When I was a kid, I loved the movie “Annie”. When Annie first arrived at Mr. Warbucks’s house, the staff showed her around the house and asked what she would like to do first. Annie started listing areas she would start cleaning, because that’s what she was used to doing at the orphanage. She misunderstood why she was brought to Mr. Warbucks’s mansion. She wasn’t there as a servant but as a guest – and eventually as an adopted daughter.
For the past couple of weeks, we’ve been looking at our adoption as sons and daughters of God. In Galatians 4:7-9, Paul contrasts the role of a slave and a son as he explains our adoption by God’s grace.
“So you are no longer a slave, but a son, and if a son, then an heir through God. Formerly, when you did not know God, you were enslaved to those that by nature are not gods. But now that you have come to know God, or rather to be known by God, how can you turn back again to the weak and worthless elementary principles of the world, whose slaves you want to be once more?” (Galatians 4:7-9)
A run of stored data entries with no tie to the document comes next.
(* There exists a set $W \subseteq \mathbb{Z}$ such that $W + W = \mathbb{Z}$ and $W$ contains no 3-term arithmetic progression.
   Context: For $X, Y \subseteq \mathbb{Z}$, $X + Y = \{x + y : x \in X, y \in Y\}$. A 3-term arithmetic progression in $W$ is a triple $w - d, w, w + d$ of elements of $W$ with $d \neq 0$. *)

From Stdlib Require Import ZArith.
Open Scope Z_scope.

Definition sumset (X Y : Z -> Prop) : Z -> Prop :=
  fun z => exists x y, X x /\ Y y /\ z = x + y.

Definition has_3AP (W : Z -> Prop) : Prop :=
  exists w d, d <> 0 /\ W (w - d) /\ W w /\ W (w + d).

(* Let A be the set of naturals whose base-3 digits are all 0 or 1.  Adding
   two such numbers produces no carries, so a + c = 2b in A forces equal
   digits and hence a = c: A is 3AP-free.  Digit sums 0, 1, 2 give
   A + A = N and digit differences -1, 0, 1 (balanced ternary) give
   A - A = Z.  The set W = 2A ∪ (-1 - 2A) then satisfies W + W = Z: even
   numbers come from 2A + 2A and (-1 - 2A) + (-1 - 2A), odd ones from
   2A + (-1 - 2A).  A 3AP in W must have both ends in the same half, by
   parity, and its middle in that half too, by sign, so it pulls back to
   a 3AP in A. *)

From Stdlib Require Import ZArith Lia.
Open Scope Z_scope.

Lemma has_3AP_midpoint (W : Z -> Prop) :
  has_3AP W <-> exists x y z, W x /\ W y /\ W z /\ x + z = 2 * y /\ x <> z.
Proof.
  split.
  - intros (w & d & Hd & Hx & Hy & Hz).
    exists (w - d), w, (w + d); repeat split; auto; lia.
  - intros (x & y & z & Hx & Hy & Hz & Hmid & Hxz).
    exists y, (y - x); repeat split; auto; try lia.
    + now replace (y - (y - x)) with x by lia.
    + now replace (y + (y - x)) with z by lia.
Qed.

Section MirrorDouble.

Variable A : Z -> Prop.

Definition mirror_double : Z -> Prop :=
  fun x => exists a, A a /\ (x = 2 * a \/ x = -1 - 2 * a).

Lemma mirror_double_sumset_full :
  (forall n, 0 <= n -> sumset A A n) ->
  (forall n, exists a c, A a /\ A c /\ n = a - c) ->
  forall z, sumset mirror_double mirror_double z.
Proof.
  intros Hsum Hdiff z.
  pose proof (Z.div_mod z 2 ltac:(lia)) as Hz.
  pose proof (Z.mod_pos_bound z 2 ltac:(lia)).
  set (m := z / 2) in Hz.
  destruct (Z.eq_dec (z mod 2) 1) as [Hodd | Heven].
  - destruct (Hdiff (m + 1)) as (a & c & Ha & Hc & E).
    exists (2 * a), (-1 - 2 * c).
    split; [| split]; [exists a | exists c | lia]; auto.
  - destruct (Z_le_gt_dec 0 m) as [Hm | Hm].
    + destruct (Hsum m Hm) as (a & c & Ha & Hc & E).
      exists (2 * a), (2 * c).
      split; [| split]; [exists a | exists c | lia]; auto.
    + destruct (Hsum (-1 - m) ltac:(lia)) as (a & c & Ha & Hc & E).
      exists (-1 - 2 * a), (-1 - 2 * c).
      split; [| split]; [exists a | exists c | lia]; auto.
Qed.

Lemma mirror_double_3AP_free :
  (forall a, A a -> 0 <= a) -> ~ has_3AP A -> ~ has_3AP mirror_double.
Proof.
  intros Hnonneg HA.
  rewrite has_3AP_midpoint in *.
  intros (x & y & z & (a & Ha & Ex) & (b & Hb & Ey) & (c & Hc & Ez) & Hmid & Hxz).
  apply HA; exists a, b, c.
  pose proof (Hnonneg a Ha); pose proof (Hnonneg b Hb); pose proof (Hnonneg c Hc).
  (* parity separates the two halves; the sign of the middle does the rest *)
  destruct Ex, Ey, Ez; repeat split; auto; lia.
Qed.

End MirrorDouble.

Inductive ternary01 : Z -> Prop :=
| ternary01_0 : ternary01 0
| ternary01_digit0 n : ternary01 n -> ternary01 (3 * n)
| ternary01_digit1 n : ternary01 n -> ternary01 (3 * n + 1).

Lemma ternary01_nonneg n : ternary01 n -> 0 <= n.
Proof. induction 1; lia. Qed.

Lemma ternary01_inv n :
  ternary01 n -> exists q r, n = 3 * q + r /\ (r = 0 \/ r = 1) /\ ternary01 q.
Proof.
  destruct 1.
  - exists 0, 0; repeat split; auto using ternary01_0.
  - exists n, 0; repeat split; auto; lia.
  - exists n, 1; repeat split; auto.
Qed.

Lemma ternary01_midpoint a b c :
  ternary01 a -> ternary01 b -> ternary01 c -> a + c = 2 * b -> a = c.
Proof.
  revert a c; induction b as [b IH] using Z_lt_abs_induction.
  intros a c Ha Hb Hc Hmid.
  pose proof (ternary01_nonneg a Ha); pose proof (ternary01_nonneg c Hc).
  destruct (Z.eq_dec b 0) as [-> | Hb0]; [lia |].
  destruct (ternary01_inv a Ha) as (a' & ra & -> & Hra & Ha').
  destruct (ternary01_inv b Hb) as (b' & rb & -> & Hrb & Hb').
  destruct (ternary01_inv c Hc) as (c' & rc & -> & Hrc & Hc').
  pose proof (ternary01_nonneg b' Hb').
  (* no carry: the last digits already satisfy ra + rc = 2 rb, so ra = rc *)
  assert (Hlast : ra = rc /\ a' + c' = 2 * b')
    by (destruct Hra, Hrb, Hrc; subst; lia).
  destruct Hlast as [-> Hmid'].
  rewrite (IH b' ltac:(lia) a' c' Ha' Hb' Hc' Hmid'); reflexivity.
Qed.

Lemma ternary01_3AP_free : ~ has_3AP ternary01.
Proof.
  rewrite has_3AP_midpoint.
  intros (x & y & z & Hx & Hy & Hz & Hmid & Hxz).
  exact (Hxz (ternary01_midpoint x y z Hx Hy Hz Hmid)).
Qed.

Lemma ternary01_sumset_nonneg n : 0 <= n -> sumset ternary01 ternary01 n.
Proof.
  induction n as [n IH] using Z_lt_abs_induction; intros Hn.
  destruct (Z.eq_dec n 0) as [-> | Hn0].
  { exists 0, 0; repeat split; auto using ternary01_0. }
  pose proof (Z.div_mod n 3 ltac:(lia)).
  pose proof (Z.mod_pos_bound n 3 ltac:(lia)).
  destruct (IH (n / 3) ltac:(lia) ltac:(lia)) as (a & c & Ha & Hc & E).
  assert (Hr : n mod 3 = 0 \/ n mod 3 = 1 \/ n mod 3 = 2) by lia.
  destruct Hr as [Hr | [Hr | Hr]].
  - exists (3 * a), (3 * c); repeat split; try constructor; auto; lia.
  - exists (3 * a + 1), (3 * c); repeat split; try constructor; auto; lia.
  - exists (3 * a + 1), (3 * c + 1); repeat split; try constructor; auto; lia.
Qed.

Lemma ternary01_difference n : exists a c, ternary01 a /\ ternary01 c /\ n = a - c.
Proof.
  induction n as [n IH] using Z_lt_abs_induction.
  destruct (Z.eq_dec n 0) as [-> | Hn0].
  { exists 0, 0; repeat split; auto using ternary01_0. }
  (* balanced ternary: n = 3 q + r with r in {-1, 0, 1} *)
  pose proof (Z.div_mod (n + 1) 3 ltac:(lia)).
  pose proof (Z.mod_pos_bound (n + 1) 3 ltac:(lia)).
  destruct (IH ((n + 1) / 3) ltac:(lia)) as (a & c & Ha & Hc & E).
  assert (Hr : (n + 1) mod 3 = 0 \/ (n + 1) mod 3 = 1 \/ (n + 1) mod 3 = 2) by lia.
  destruct Hr as [Hr | [Hr | Hr]].
  - exists (3 * a), (3 * c + 1); repeat split; try constructor; auto; lia.
  - exists (3 * a), (3 * c); repeat split; try constructor; auto; lia.
  - exists (3 * a + 1), (3 * c); repeat split; try constructor; auto; lia.
Qed.

Theorem proposition3 :
  exists W : Z -> Prop, (forall z : Z, sumset W W z) /\ ~ has_3AP W.
Proof.
  exists (mirror_double ternary01); split.
  - apply mirror_double_sumset_full.
    + exact ternary01_sumset_nonneg.
    + exact ternary01_difference.
  - apply mirror_double_3AP_free.
    + exact ternary01_nonneg.
    + exact ternary01_3AP_free.
Qed.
In this portion of Galatians, Paul is in the middle of a larger argument about slavery and redemption. The church at Galatia had been led astray by teachers who said they had to earn their salvation by keeping the law. Paul wanted them to understand that they were no longer slaves, but they had been set free to be sons and daughters of God.
God has always been the God who redeems His children from slavery. In Exodus 2, God heard the groaning of His people, the Israelites, who were enslaved in Egypt. Exodus 2:25 says, “God saw the people of Israel—and God knew.” God heard, God knew, and then God acted to bring His people out of slavery and give them a secure place in the Promised Land.
God acted to redeem us from slavery to the law by sending His Son to die as an atoning sacrifice for our sin (Galatians 4:4-5, 2 Corinthians 5:21). Now we live in the freedom of adoption—children who have been saved by grace and are no longer in bondage to the burden of the law.
No matter what you face this week, we are no longer slaves, but adopted children of God.